Meu primeiro erro: pra que esta fantasia ridícula, cachecol, se não estava frio, e óculos escuros, se não tinha sol? Só pra me mostrar. Besteira. Chegando lá, ela estava de toalha lendo, deitada. Tinha acabado de tomar banho e me recebeu hiperbem. Legal. Como eu sei que, quando uma pessoa me conhece, me acha um cara metido a besta, eu estava fazendo de tudo pra não passar essa impressão. Segundo erro. Estava representando, falso. Gaguejava. O plano de ser sincero se inverteu. Eu estava mentindo. Saí de lá arrasado, com a certeza de que ela tinha me achado um babaca. Sempre que encontrava com ela, imaginava que no fundo de sua cabeça ela devia estar pensando:

— Que saco este cara. Metido, idiota, todo convencido, só porque toca violão bem, se acha todo gostosão.

O tempo foi passando. Tive outras mulheres, e ela, outros homens. Um dia, já morando com Nana, confessei o amor que eu sentia pela Virgínia e a impressão que ela me dava de não gostar de mim. A Nana achou graça e me falou que eu estava dizendo uma tremenda bobagem. Elas conversavam muito e a morena havia lhe dito que me achava um cara legal e que ela é que achava que eu não gostava dela. Vejam só, o que é uma cabeça encanada. 

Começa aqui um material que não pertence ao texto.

(* For X in P let slack k X >= 0 be |e_k| times the distance from X to l_k, an affine
   function of X.  The maximizer Z of slack_i * slack_j is unique, and with a, b its two
   slacks the line b slack_i + a slack_j = 2ab supports P at Z.  Along the chain
   e_s, ..., e_t the edge directions turn clockwise by less than pi, so this affine
   function first decreases and then increases along the chain; its maximum over the
   chain can only be reached at the two ends v_s and v_(t+1), hence Z lies on rho.
   Along rho the ratio slack_w / slack_u is nondecreasing whenever e_u < e_w in the
   chain.  If Z_i'^j' came strictly before Z_i^j on rho, these ratios would let the two
   optimality conditions be exchanged, making Z_i'^j' optimal for (i, j) as well, and
   uniqueness gives Z_i'^j' = Z_i^j. *)

From Pilot Require Import Defs.
From HB Require Import structures.
From mathcomp Require Import all_boot all_order all_algebra.
From mathcomp Require Import ring lra zify.
Set Implicit Arguments. Unset Strict Implicit. Unset Printing Implicit Defensive.
Import Order.TTheory GRing.Theory Num.Theory.
Local Open Scope ring_scope.

Section RealLemmas.
Variable R : realFieldType.

Lemma nonpos_of_first_order (a q : R) :
  (forall e, 0 < e -> e <= 1 -> e * a + e ^+ 2 * q <= 0) -> a <= 0.
Proof.
move=> h; rewrite leNgt; apply/negP => a_gt0.
have q_ge : - q <= `|q| by rewrite -normrN ler_norm.
have aq_gt0 : 0 < a + `|q| by have := normr_ge0 q; lra.
pose e := a / (a + `|q|).
have eaq : e * (a + `|q|) = a by rewrite /e divfK ?gt_eqF.
have e_gt0 : 0 < e by rewrite divr_gt0.
have e_le1 : e <= 1 by rewrite ler_pdivrMr //; have := normr_ge0 q; lra.
have eq_e : e * (e * `|q|) = e * a - e * e * a.
  have -> : e * `|q| = a - e * a by lra.
  ring.
have : 0 <= (e * e) * (q + `|q|) by apply: mulr_ge0; nra.
have : 0 < e * e * a by do 2 apply: mulr_gt0 => //.
have := h e e_gt0 e_le1; rewrite expr2; lra.
Qed.

Lemma exists_small_step (N : nat) (a b : nat -> R) :
  (forall m, (m < N)%N -> 0 < a m) ->
  exists2 e, 0 < e & forall m, (m < N)%N -> 0 <= a m + e * b m.
Proof.
elim: N => [|N IH] a_gt0; first by exists 1.
have [e e_gt0 He] : exists2 e, 0 < e & forall m, (m < N)%N -> 0 <= a m + e * b m.
  by apply: IH => m ltmN; apply: a_gt0; lia.
have aN := a_gt0 N (ltnSn N).
have b_ge : - b N <= `|b N| by rewrite -normrN ler_norm.
have b1_gt0 : 0 < `|b N| + 1 by have := normr_ge0 (b N); lra.
pose c := a N / (`|b N| + 1).
have cb : c * (`|b N| + 1) = a N by rewrite /c divfK ?gt_eqF.
have c_gt0 : 0 < c by rewrite divr_gt0.
exists (Num.min e c) => [|m]; first by rewrite lt_min e_gt0.
have mc : Num.min e c <= c by rewrite ge_min lexx orbT.
have me : Num.min e c <= e by rewrite ge_min lexx.
have min_gt0 : 0 < Num.min e c by rewrite lt_min e_gt0.
rewrite ltnS leq_eqVlt => /predU1P [->|ltmN]; first by nra.
have := He m ltmN; have := a_gt0 m (ltnW ltmN); nra.
Qed.

Section Unimodal.
Variables (g sg : nat -> R) (c : R) (L : nat).
Hypotheses (g_succ : forall m, g m.+1 = g m + sg m) (g_le : forall m, g m <= c).
Hypotheses (sg0_lt0 : sg 0 < 0) (sgL_gt0 : 0 < sg L).
Hypothesis sg_gt0_succ : forall m, (0 < m < L)%N -> 0 <= sg m -> 0 < sg m.+1.

Lemma unimodal_forward m : (0 < m <= L)%N -> g m < g 0 \/ 0 < sg m.
Proof.
elim: m => [//|m IH] /andP [_ leSmL].
case: m IH leSmL => [_ _|m IH leSmL]; first by left; rewrite g_succ; move: sg0_lt0; lra.
have [sgm_ge0|sgm_lt0] := lerP 0 (sg m.+1).
  by right; apply: sg_gt0_succ => //; lia.
have [gm_lt|] := IH ltac:(lia); last by lra.
by left; rewrite g_succ; lra.
Qed.

Lemma unimodal_backward d m : (m + d = L)%N -> (0 < m)%N -> 0 < sg m -> g m < g L.+1.
Proof.
elim: d m => [|d IH] m mdL m_gt0 sgm_gt0.
  by rewrite addn0 in mdL; rewrite -mdL g_succ; lra.
have := IH m.+1 ltac:(lia) isT (@sg_gt0_succ m ltac:(lia) (ltW sgm_gt0)).
by rewrite g_succ; lra.
Qed.

Lemma unimodal_interior_lt m : (0 < m <= L)%N -> g m < c.
Proof.
move=> mL; have := g_le 0; have := g_le L.+1.
case: (unimodal_forward mL) => [|sgm_gt0]; first by lra.
have := @unimodal_backward (L - m) m ltac:(lia) ltac:(lia) sgm_gt0; lra.
Qed.

Lemma unimodal_max_at_ends (r : nat) (l : R) :
  (r <= L)%N -> 0 <= l -> l <= 1 -> g r + l * sg r = c ->
  (r = 0%N /\ l = 0) \/ (r = L /\ l = 1).
Proof.
move=> rL l_ge0 l_le1 gr_c.
case: r rL gr_c => [|r] rL gr_c.
  left; split => //; have := g_le 0; move: sg0_lt0; nra.
have gr_lt := unimodal_interior_lt (m := r.+1) ltac:(lia).
have gr1 := g_le r.+2; rewrite g_succ in gr1.
have l1 : l = 1 by nra.
right; split => //; apply/eqP; rewrite eqn_leq rL /=; apply/negP => ltrL.
have := unimodal_interior_lt (m := r.+2) ltac:(lia); rewrite g_succ -gr_c l1 mul1r; lra.
Qed.

End Unimodal.

Lemma eq_of_prod_eq_supporting (a b a' b' : R) :
  0 < a -> 0 < b -> 0 <= a' -> 0 <= b' -> a' * b' = a * b ->
  b * a' + a * b' <= 2 * (a * b) -> a' = a /\ b' = b.
Proof.
move=> a_gt0 b_gt0 a'_ge0 b'_ge0 prod_eq supp.
have cross_eq : a * b' = a' * b.
  have sq_le0 : (a * b' - a' * b) ^+ 2 <= 0.
    have -> : (a * b' - a' * b) ^+ 2 = (a * b' + a' * b) ^+ 2 - 4 * (a' * b') * (a * b) by ring.
    have S_ge0 : 0 <= a * b' + a' * b by apply: addr_ge0; apply: mulr_ge0; lra.
    have S_le : a * b' + a' * b <= 2 * (a * b) by lra.
    have := ler_pM S_ge0 S_ge0 S_le S_le.
    rewrite prod_eq !expr2; lra.
  by apply/eqP; rewrite -subr_eq0 -sqrf_eq0 eq_le sq_le0 sqr_ge0.
have a'_eq : a' = a.
  have : (a' - a) * ((a' + a) * b) = 0.
    have -> : (a' - a) * ((a' + a) * b) = a' * (a' * b) - a * (a * b) by ring.
    by rewrite -cross_eq -prod_eq; ring.
  move/eqP; rewrite mulf_eq0 => /orP [/eqP|/eqP prod0]; first by lra.
  have : 0 < (a' + a) * b by apply: mulr_gt0; lra.
  by rewrite prod0 ltxx.
split=> //; apply: (mulfI (lt0r_neq0 a_gt0)); rewrite cross_eq a'_eq; ring.
Qed.

Lemma prod_eq_of_exchange (p q p' q' P Q P' Q' : R) :
  0 <= p -> 0 <= q -> 0 <= p' -> 0 <= q' -> 0 <= P' -> 0 <= Q' ->
  0 < P' * Q' -> p' * q' <= p * q -> P * Q <= P' * Q' ->
  P' * p <= P * p' -> Q' * q <= Q * q' -> p' * q' = p * q.
Proof.
move=> p0 q0 p'0 q'0 P'0 Q'0 PQ'_gt0 le_pq le_PQ le_p le_q.
have := ler_pM (mulr_ge0 P'0 p0) (mulr_ge0 Q'0 q0) le_p le_q.
have -> : P' * p * (Q' * q) = (P' * Q') * (p * q) by ring.
have -> : P * p' * (Q * q') = (P * Q) * (p' * q') by ring.
move=> le_prod; apply/le_anti; rewrite le_pq /=.
rewrite -(ler_pM2l PQ'_gt0); apply: (le_trans le_prod).
by apply: ler_wpM2r => //; apply: mulr_ge0.
Qed.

Eu achando que ela não gostava de mim, acabei dando a impressão a ela de que eu não gostava dela. Dei um pulo de alegria. Já estava cheio dessa paixão engasgada. Aquela noite teria uma festa, e eu me declararia. Tinha que pôr pra fora, não importava nem mesmo que recebesse um fora. Ia ser bom tirar esse nó da garganta.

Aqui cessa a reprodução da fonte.